Sensitive Files Left on DOD, Energy Contractors FTP Servers

All the firewalls in the world can’t fix stupid security practices and careless users.  The Associated Press actually did some great investigative journalism, coupled with some rank amateur cyber-sleuthing to come up with mounds of sensitive, classified and secret documents scatterred around the FTP servers of many of the nation’s DOD and DOE contractors.

FTP is often used as a temporary directory in today’s fast-paced military contracting offices.  You have to do a presentation and don’t want to have to carry a laptop or a thumbdrive?  You put the slideshow on your company’s FTP server and you can access it from the presentation site using any internet connected host.

Document too large to fit into an email with that 10MB restriction?  No problem, dump it into the FTP server and get it that way. 
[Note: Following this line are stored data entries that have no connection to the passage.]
Lemma hom_gprod (K X Y : sgraph) : hom K (gprod X Y) = hom K X * hom K Y.
Proof.
rewrite /hom -cardsX.
pose pair_fun (p : {ffun K -> X} * {ffun K -> Y}) : {ffun K -> gprod X Y} :=
  [ffun a => (p.1 a, p.2 a)].
have pair_inj : injective pair_fun.
  move=> [p1 p2] [q1 q2] /ffunP E; congr pair; apply/ffunP => a;
  by have := E a; rewrite !ffunE => -[].
rewrite -(card_imset _ pair_inj); apply: eq_card => f; rewrite inE.
apply/is_homP/imsetP => [f_hom | [[p1 p2] /setXP[] /[!inE] /is_homP h1 /is_homP h2 ->]].
  exists ([ffun a => (f a).1], [ffun a => (f a).2]).
    by rewrite !inE; apply/andP; split; apply/is_homP => x y /f_hom /andP[];
       rewrite !ffunE.
  by apply/ffunP => a; rewrite !ffunE /=; case: (f a).
by move=> x y xy; rewrite !ffunE; apply/andP; split; [apply: h1 | apply: h2].
Qed.

Lemma hom_equiv_gprod (C : gclass) (G G' J : sgraph) :
  hom_equiv C G G' -> hom_equiv C (gprod G J) (gprod G' J).
Proof. by move=> GG' K CK; rewrite !hom_gprod GG'. Qed.

Definition connected_partitions (K : sgraph) : {set {set {set K}}} :=
  [set P | partition P [set: K] && [forall B in P, induced_connected B]].

Lemma connected_partitionsP (K : sgraph) (P : {set {set K}}) :
  reflect (partition P [set: K] /\ forall B, B \in P -> induced_connected B)
          (P \in connected_partitions K).
Proof.
rewrite inE; apply: (iffP andP) => -[Ppart Pconn]; split=> //.
  by move=> B; apply/implyP; move/forallP: Pconn.
by apply/forallP => B; apply/implyP/Pconn.
Qed.

Lemma induced_connectedP (F : sgraph) (B : {set F}) :
  reflect {in B &, forall x y, connect [rel u v | [&& adj u v, u \in B & v \in B]] x y}
          (induced_connected B).
Proof.
apply: (iffP forall_inP) => [h x y xB yB | h x xB]; first exact: forall_inP (h x xB) y yB.
by apply/forall_inP => y yB; apply: h.
Qed.

Definition is_block_hom (K H : sgraph) (P : {set {set K}}) (b : {ffun K -> H}) :=
  [forall x, forall y, [&& adj x y & y \in pblock P x] ==> adj (b x) (b y)].

Definition block_hom (K H : sgraph) (P : {set {set K}}) : nat :=
  #|[set b : {ffun K -> H} | is_block_hom P b]|.

Lemma is_block_homP (K H : sgraph) (P : {set {set K}}) (b : {ffun K -> H}) :
  reflect (forall x y, adj x y -> y \in pblock P x -> adj (b x) (b y))
          (is_block_hom P b).
Proof.
apply: (iffP forallP) => [h x y xy yPx | h x].
  by apply: implyP (forallP (h x) y) _; rewrite xy.
by apply/forallP => y; apply/implyP => /andP[]; apply: h.
Qed.

Lemma block_hom_gt0 (K : sgraph) (P : {set {set K}}) : 0 < block_hom K P.
Proof.
rewrite card_gt0; apply/set0Pn; exists [ffun x => x].
by rewrite inE; apply/is_block_homP => x y xy _; rewrite !ffunE.
Qed.

Section LexprodDecomposition.
Variables K X H : sgraph.
Implicit Types (f : {ffun K -> lexprod X H}) (x y : K).

Definition fibre_rel (f : {ffun K -> lexprod X H}) : rel K :=
  fun x y => adj x y && ((f x).1 == (f y).1).

Definition fibre_partition f : {set {set K}} :=
  equivalence_partition (connect (fibre_rel f)) [set: K].

Lemma fibre_connect_equiv f :
  {in [set: K] & &, equivalence_rel (connect (fibre_rel f))}.
Proof.
have fibre_sym : connect_sym (fibre_rel f).
  by apply: sym_connect_sym => x y; rewrite /fibre_rel adj_sym eq_sym.
move=> x y z _ _ _; split=> [|xy]; first exact: connect0.
by apply/idP/idP; apply: connect_trans; rewrite // fibre_sym.
Qed.

Lemma mem_pblock_fibre f x y :
  (y \in pblock (fibre_partition f) x) = connect (fibre_rel f) x y.
Proof. exact: (pblock_equivalence_partition (fibre_connect_equiv f) (in_setT x) (in_setT y)). Qed.

Lemma fibre_partition_connected f : fibre_partition f \in connected_partitions K.
Proof.
have Ppart := equivalence_partitionP (fibre_connect_equiv f).
apply/connected_partitionsP; split=> // B BP.
have blockB u : u \in B -> pblock (fibre_partition f) u = B.
  exact: def_pblock (partition_trivIset Ppart) BP.
apply/induced_connectedP => x y xB yB.
have xy : connect (fibre_rel f) x y by rewrite -mem_pblock_fibre blockB.
case/connectP: xy yB => p xp -> _.
elim: p x xB xp => [|z p IHp] x xB /=; first by rewrite connect0.
case/andP=> /[dup] xz /andP[adj_xz _] zp.
have zB : z \in B by rewrite -(blockB x xB) mem_pblock_fibre connect1.
by apply: connect_trans (IHp z zB zp); apply: connect1; rewrite /= adj_xz xB.
Qed.

Section FixedPartition.
Variable P : {set {set K}}.
Hypothesis P_conn : P \in connected_partitions K.
Implicit Types (a : {ffun quotient_graph P -> X}) (b : {ffun K -> H}).

Let P_part : partition P [set: K].
Proof. by case/connected_partitionsP: P_conn. Qed.
Let P_triv : trivIset P := partition_trivIset P_part.
Let P_cover x : x \in cover P.
Proof. by rewrite (cover_partition P_part) in_setT. Qed.

Definition blk x : quotient_graph P := exist _ (pblock P x) (pblock_mem (P_cover x)).

Lemma mem_blk x : x \in val (blk x).
Proof. by rewrite /= mem_pblock P_cover. Qed.

Lemma blk_val (B : quotient_graph P) x : x \in val B -> blk x = B.
Proof. by move=> xB; apply: val_inj; rewrite /= (def_pblock P_triv (valP B) xB). Qed.

Lemma eq_blk x y : (blk x == blk y) = (y \in pblock P x).
Proof. by rewrite -(eq_pblock _ P_triv (P_cover x)) -val_eqE. Qed.

Lemma adj_blk x y : blk x != blk y -> adj x y -> adj (blk x) (blk y).
Proof.
move=> neq xy; rewrite /= /qadj neq /=; apply/existsP; exists x.
by rewrite mem_blk /=; apply/existsP; exists y; rewrite mem_blk.
Qed.

Definition rep (B : quotient_graph P) : K :=
  xchoose (elimT (set0Pn _) (partition_neq0 P_part (valP B))).

Lemma blk_rep B : blk (rep B) = B.
Proof. exact/blk_val/xchooseP. Qed.

Definition lift (a : {ffun quotient_graph P -> X}) (b : {ffun K -> H}) :
  {ffun K -> lexprod X H} := [ffun x => (a (blk x), b x)].

Lemma lift_inj : injective (fun ab => lift ab.1 ab.2).
Proof.
move=> [a1 b1] [a2 b2] /ffunP /= E; congr pair; apply/ffunP.
  by move=> B; have := E (rep B); rewrite !ffunE blk_rep => -[].
by move=> x; have := E x; rewrite !ffunE => -[].
Qed.

Lemma lift_is_hom a b : is_hom a -> is_block_hom P b -> is_hom (lift a b).
Proof.
move=> /is_homP a_hom /is_block_homP b_hom; apply/is_homP => x y xy.
rewrite !ffunE /= /lex_adj /=; have [same | neq] := eqVneq (blk x) (blk y).
  by rewrite same eqxx b_hom // -eq_blk same.
by rewrite a_hom ?orbT // adj_blk.
Qed.

Lemma fibre_partition_lift a b : is_hom a -> fibre_partition (lift a b) = P.
Proof.
move=> /is_homP a_hom; rewrite -[RHS](equivalence_partition_pblock P_part).
apply: eq_imset => x; apply/setP => y; rewrite !inE /=; apply/idP/idP.
  move=> /connectP[p + ->]; rewrite -eq_blk.
  elim: p x => //= z p IHp x /andP[/andP[xz] + zp].
  rewrite !ffunE /=; have [-> _|neq] := eqVneq (blk x) (blk z); first exact: IHp.
  by move/eqP=> same; move: (a_hom _ _ (adj_blk neq xz)); rewrite same adj_irr.
move=> yx; case/connected_partitionsP: P_conn => _ /(_ _ (pblock_mem (P_cover x))).
move=> /induced_connectedP/(_ x y (mem_blk x) yx).
apply: connect_sub => u v /and3P[uv]; rewrite -!eq_blk => /eqP xu /eqP xv.
by apply: connect1; rewrite /fibre_rel uv !ffunE -xu -xv /=.
Qed.
(* In the setting below, for every symmetry $g$ of $X$ there is $\tilde g\in\mathrm{Aut}(N)$ with $\tilde g(\iota(p))=\iota(g_*p)$ for all $p\in P$; every such $\tilde g$ permutes the twelve sublattices $A_{2,j}=\mathrm{span}_{\mathbb Z}\{\tilde E_j^{(1)},\tilde E_j^{(2)}\}$, and the induced permutation $\Theta(g)\in S_{12}$ depends only on $g$. The map $\Theta$ is an injective group homomorphism from the symmetry group of $X$ into the Mathieu group $M_{12}$ (the group of permutations of the twelve $A_{2,j}$ induced by $\mathrm{Aut}(N)$), and its image is generated by $\Theta(\alpha^1)=(1,4,3)(2,9,7)(5,8,6)$, $\Theta(\alpha^2)=(1,9,8)(2,5,3)(4,7,6)$, $\Theta(\beta)=(1,9,2,3)(4,8,7,5)$.
   Context: $\xi=e^{2\pi i/3}$, $c=(\xi+2)/3$, $T=\mathbb C^2/L$ with $L$ generated by $(1,0),(\xi,0),(0,1),(0,\xi)$, $\mathbb Z_3$ acting via $(z_1,z_2)\mapsto(\xi z_1,\xi^{-1}z_2)$, $X$ the minimal resolution of $T/\mathbb Z_3$. A symmetry of $X$ is a biholomorphic automorphism preserving the holomorphic volume form induced by $dz_1\wedge dz_2$ and the Kähler class induced by the Euclidean metric on $T$; the symmetry group is generated by the automorphisms $\alpha^1,\alpha^2,\beta$ induced by $(z_1,z_2)\mapsto(z_1+c,z_2)$, $(z_1,z_2)\mapsto(z_1,z_2+c)$, $(z_1,z_2)\mapsto(-z_2,z_1)$; $g_*$ is the induced action on $H^2(X,\mathbb Z)$. $E_t^{(1)},E_t^{(2)}$ ($t\in\mathbb F_3^2$) are the Poincaré duals of the two exceptional $(-2)$-curves over the fixed point $[(t_1c,t_2c)]$, labelled compatibly with translations; $P=(R\otimes\mathbb Q)\cap H^2(X,\mathbb Z)$ with $R$ their span. $N$ is the $\mathbb Z$-span of vectors $\tilde E_j^{(\ell)}$ ($j\le12$, $\ell=1,2$; Gram $2$ on the diagonal, $-1$ between $\tilde E_j^{(1)},\tilde E_j^{(2)}$, $0$ otherwise) and $w_i=\tfrac13\sum_j a_{ij}(\tilde E_j^{(1)}+2\tilde E_j^{(2)})$, rows $(a_{ij})_j$: $(0,1,1,1,1,1,1,0,0,0,0,0)$, $(-1,0,1,-1,-1,1,0,1,0,0,0,0)$, $(-1,1,0,1,-1,-1,0,0,1,0,0,0)$, $(-1,-1,1,0,1,-1,0,0,0,1,0,0)$, $(-1,-1,-1,1,0,1,0,0,0,0,1,0)$, $(-1,1,-1,-1,1,0,0,0,0,0,0,1)$ (the Niemeier lattice of type $A_2^{12}$). $\iota\colon P(-1)\hookrightarrow N$ is the $\mathbb Q$-linear map $E^{(\ell)}_{(0,0)}\mapsto\tilde E_6^{(\ell)}$, $E^{(\ell)}_{(0,1)}\mapsto\tilde E_4^{(\ell)}$, $E^{(\ell)}_{(0,2)}\mapsto\tilde E_7^{(\ell)}$, $E^{(\ell)}_{(1,0)}\mapsto-\tilde E_5^{(\ell)}$, $E^{(\ell)}_{(1,1)}\mapsto-\tilde E_3^{(\ell)}$, $E^{(\ell)}_{(1,2)}\mapsto-\tilde E_2^{(\ell)}$, $E^{(\ell)}_{(2,0)}\mapsto\tilde E_8^{(\ell)}$, $E^{(\ell)}_{(2,1)}\mapsto\tilde E_1^{(\ell)}$, $E^{(\ell)}_{(2,2)}\mapsto\tilde E_9^{(\ell)}$. The Mathieu group $M_{12}$ is realized as the quotient of $\mathrm{Aut}(N)$ by the normal subgroup generated by the Weyl group $(S_3)^{12}$ and $-\mathrm{id}$, acting by permutations of $\{1,\dots,12\}$ (indices of the $A_{2,j}$). *)

From mathcomp Require Import all_boot all_order all_fingroup all_algebra.
Set Implicit Arguments. Unset Strict Implicit. Unset Printing Implicit Defensive.
Import GRing.Theory Num.Theory.
Local Open Scope ring_scope.

Definition apply_cycle (c : seq nat) (x : nat) : nat :=
  if x \in c then nth 0%N c ((index x c).+1 %% size c) else x.
Definition cyc (cs : seq (seq nat)) (x : nat) : nat := foldr apply_cycle x cs.

(* coordinate vectors: index (j, l) with j : 'I_12 (j = paper's j - 1),
   l : 'I_2 (l = paper's ell - 1) *)
Definition Vec := 'rV[rat]_(12 * 2).
Definition Et (j : 'I_12) (l : 'I_2) : Vec := delta_mx 0 (mxvec_index j l).
Definition Et1 (j : nat) (l : 'I_2) : Vec := Et (inord j.-1) l.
But the problem is that the files are forgotten and not removed, or there are non-existent security measures to prevent anyone from simply downloading it.

The whole long AP article is here, and it is worth the read.  Some highlights of items found are:

• aerial photographs and detailed schematics of Camp Bucca, a U.S.-run facility for detainees in Iraq
• fuel infrastructure upgrade at Bagram
• potential security vulnerabilities at the facility Contingency Operating Base Speicher near Tikrit
• plans to combat GPS jammers
• technology to combat enemy snipers in urban environments
• manual describing how to operate a Navy encryption device on the server of the Space and Naval Warfare Systems Command, along with the decryption passwords in a plaintext document
• photographs and graphics detailing the inner workings of missiles designed at Sandia.

Sloppy data handling, especially during wartime is inexcusable.  What may be needed is to have military groups red-teaming against their own contractors to detect and close gaping security holes such as these.